Della Hall feels the denomination is "all about winning."

"They wanted everything," she said. "They don't care about this place. None of those people have even been here to see the Terrace. Since 1982, none of them have even walked through these doors. They didn't even come to the dedication."

Hall said since taking control of the church property that PCG closed the school after an 18-year run and have neglected the grounds. She showed pictures of closed up buildings and the the former school site signing severe neglect.

"It's disheartening to me," said Della. "We totally paid for a building.
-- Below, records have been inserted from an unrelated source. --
(* Let $\Sigma=\{a,b,e\}$ and let $L_1$ be the language of words $w\in\Sigma^*$ such that the word obtained from $w$ by deleting all occurrences of $e$ belongs to $b^+a$. Assuming the prefix-$U_1$ hypothesis, $L_1$ is not tractable.
   Context: For $w=a_1\cdots a_n$, an $L$-infix is a pair $[i,j]$ with $1\le i\le j\le n$ and $a_i\cdots a_j\in L$. $L$ is tractable if there is a data structure, built on an input word $w$, supporting letter substitution updates (replace the $i$-th letter by a given letter) and enumeration queries (output every $L$-infix of the current word exactly once, any order), and a constant $B$ depending only on $L$ such that for every $w$: each update takes at most $B$ steps; during an enumeration query the next $L$-infix (or the conclusion that none remain) is produced within $B$ steps; an enumeration query uses at most $B$ additional memory cells and treats previously existing memory as read-only; building takes at most $B|w|$ steps and memory never exceeds $B|w|$ cells. Model: unit-cost RAM with cell size logarithmic in $|w|$. The prefix-$U_1$ problem asks, for $n\in\mathbb{N}$, for a data structure maintaining a set $S\subseteq\{1,\dots,n\}$ supporting, on input $i\le n$: (1) test whether $i\in S$; (2) insert $i$ into $S$; (3) remove $i$ from $S$; (4) return yes iff $i\le\min S$. The prefix-$U_1$ hypothesis states that no data structure performs all these operations in time independent of $n$ in the unit-cost RAM model with logarithmic cell size. *)

From mathcomp Require Import all_boot.
Set Implicit Arguments. Unset Strict Implicit. Unset Printing Implicit Defensive.

Inductive letter := La | Lb | Le.

Definition code (x : letter) : nat :=
  match x with La => 1 | Lb => 2 | Le => 3 end.

Definition not_e (x : letter) : bool := if x is Le then false else true.

Definition L1 (w : seq letter) : Prop :=
  exists k, 0 < k /\ filter not_e w = rcons (nseq k Lb) La.
Lemma REbar_shape_rbar D t : orcx_node D t -> REbar_shape D (map rbar t).
Proof.
move=> /orcx_node_count [sz cu cr cc].
have upperE b : (rbar b \subset upper \o rdec) = upper b.
  by apply: rbar_subset => a /below_upper ->.
have lowerE b : (rbar b \subset predC (upper \o rdec)) = ~~ upper b.
  rewrite -(rbar_subset (P := fun a => ~~ upper a)); last first.
    by move=> a /below_upper ->.
  by apply: eq_subset_r => y; rewrite !unfold_in.
split.
- by rewrite size_map.
- move=> S /mapP [b _ ->]; split.
    by apply/set0Pn; exists (rlab b); rewrite mem_rbar below_refl.
  by apply/subsetP => y /imsetP [a _ ->]; apply: codom_f.
- split; first by rewrite -cu count_map; apply: eq_count => b /=; rewrite upperE.
  by rewrite all_map; apply/allP => b _ /=; rewrite upperE lowerE orbN.
- rewrite has_map (@eq_has _ _ rlike) ?has_count ?cr // => b /=.
  by apply: rbar_subset => a /below_rlike.
- rewrite has_map (@eq_has _ _ clike) ?has_count ?cc // => b /=.
  by apply: rbar_subset => a /below_clike.
Qed.
Lemma pr_no_period_event_le K c : 0 <= c ->
  (forall j, c <= pr (w j @^-1` B j)) -> pr (no_period_event K) <= (1 - c ^+ N) ^+ K.
Proof.
move=> c0 c_le; rewrite pr_no_period_event.
rewrite -[in X in _ <= X](subn0 K) -prodr_const_nat.
apply: ler_prod => k _; rewrite subr_ge0 (pr_le1 (measurable_period_event k)) /=.
rewrite lerD2l lerN2 /period_event (pr_cylinder (iota_uniq _ _) (fun j _ => B_borel j)).
have -> : c ^+ N = \prod_(j <- iota (k * N) N) c.
  by rewrite big_const_seq count_predT size_iota iter_mulr_1.
by apply: ler_prod => j _; rewrite c0 c_le.
Qed.

End IndependentBlocks.

Lemma unfalsified_dot_lt (R : realType) nx p q (Pi_w : 'M[R]_(q, nx))
    (pi_w : 'cV[R]_q) (Omega : set 'cV[R]_nx) (rho tau beta e : R)
    (D : nat -> 'M[R]_(nx, p)) (thstar m : 'cV[R]_p) (w w0 : nat -> 'cV[R]_nx)
    (s : seq nat) :
  let G := \sum_(j <- s) (D j)^T *m D j in
  0 < tau -> 0 < beta -> 0 < enorm m -> s != [::] ->
  (forall j, opnorm_le (D j) tau) -> loewner_ge G beta%:M ->
  [set x | cv_le (Pi_w *m x) pi_w] `<=` [set x | exists2 o, Omega o & enorm (x - o) <= rho] ->
  (forall j, j \in s -> forall o, Omega o ->
     dot (D j *m gram_solve D s m) (w0 j) <= dot (D j *m gram_solve D s m) o) ->
  (forall j, j \in s -> enorm (w j - w0 j) < e) ->
  forall th, (forall j, j \in s -> Delta_set Pi_w pi_w (D j) thstar (w j) th) ->
  dot m (th - thstar) < tau * enorm m / beta * ((size s)%:R * (e + rho)).
Proof.
move=> G tau0 beta0 m0 s0 D_tau G_beta W_Om w0_min w_near th th_unfals.
pose x j := D j *m (thstar - th) + w j.
have x_near j : exists o, j \in s -> Omega o /\ enorm (x j - o) <= rho.
  have [sj|_] := boolP (j \in s); last by exists 0.
  by have [y Oy xy] := W_Om _ (th_unfals j sj); exists y.
have [y xy] := choice x_near.
have residual j : j \in s -> [/\ D j *m (th - thstar) = w j - x j,
    enorm (x j - y j) <= rho & dot (D j *m gram_solve D s m) (w0 j)
                               <= dot (D j *m gram_solve D s m) (y j)].
  move=> sj; have [Oy xyj] := xy j sj; split => //; last exact: w0_min.
  by rewrite /x opprD addrCA subrr addr0 -mulmxN opprB.
have Gv : G *m gram_solve D s m = m.
  by rewrite /gram_solve mulKVmx // (loewner_ge_unitmx beta0).
apply: le_lt_trans (gram_dot_le (ltW tau0) beta0 D_tau G_beta Gv residual) _.
rewrite ltr_pM2l ?divr_gt0 ?mulr_gt0 // mulr_natl -iter_addr_0 -(count_predT s).
rewrite -big_const_seq big_seq [X in _ < X]big_seq.
apply: ltr_sum => [|j sj]; last by rewrite ltrD2r w_near.
by apply/hasP; exists (head 0%N s); rewrite // -nth0 mem_nth // lt0n size_eq0.
Qed.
They walk, they come into something that is clear and free and let it go garbage. It was beautiful ... Now they're trying to get this one and have it turn out like that?"

The denomination went too far, she said, when her husband was asked to sign a statement saying he would never enter the Hatch Road church property.

"He couldn't even go there to attend church. He couldn't attend the funeral of a friend because they could have him arrested. How is that for treating a brother?"

The impending foreclosure has upset Rhonda Stroud, who has been working for the Terrace for 18 years.

"I will be devastated," said Stroud, who is head cook at the Terrace's cafeteria. She remembers as a student at the now defunct Ceres Christian School when her class walked to the Terrace construction site to see the first wall go up. "My mom has worked here. My brother has worked here. My niece has worked here. My sister-in-law has worked here. It's been a tradition in my family."

Stroud said last year she called Roy Little, once the presbyter of the Central California District of PCG, to plead for the Terrace's management.

"I told him, "All it takes is for one person to stand up and do the right thing,' " said Stroud. "He told me he didn't know what to do about that."

Little declined to comment on the matter, only saying the dispute dating back to the time when Hall tried to lead his congregation to taking the deed of the church.

Officials with the Clovis headquarters of the Central California District of PCG declined to talk to the Courier about any aspects of the case.

An unsigned letter received last month at the Terrace underscores the feelings of animosity toward the Halls. One of their detractors wrote: "Twenty-five more days and you're out. Tick-tock, tick-tock."

Powerless to only watch, Gaches said he's grieved that the baby he helped birth is falling victim to a "big mess" caused by an organization that he calls spiteful and greedy.

"They do business that way," said Gaches. "That's why I am no longer associated with them. It's morally wrong. It's legally wrong. It's a total mess.

"I've watched them destroy men's lives more than one time. It's sad because as a church we're supposed to be in this for people. They don't care about people. This is a money issue. The Terrace now is worth several million dollars."

Word about the sale has leaked out and interested parties have been checking out the property - from a distance. The Halls have been doing their best to shield prospective buyers from the seniors.

"My tenants are my most important thing. We don't want them getting upset. They aren't going anywhere."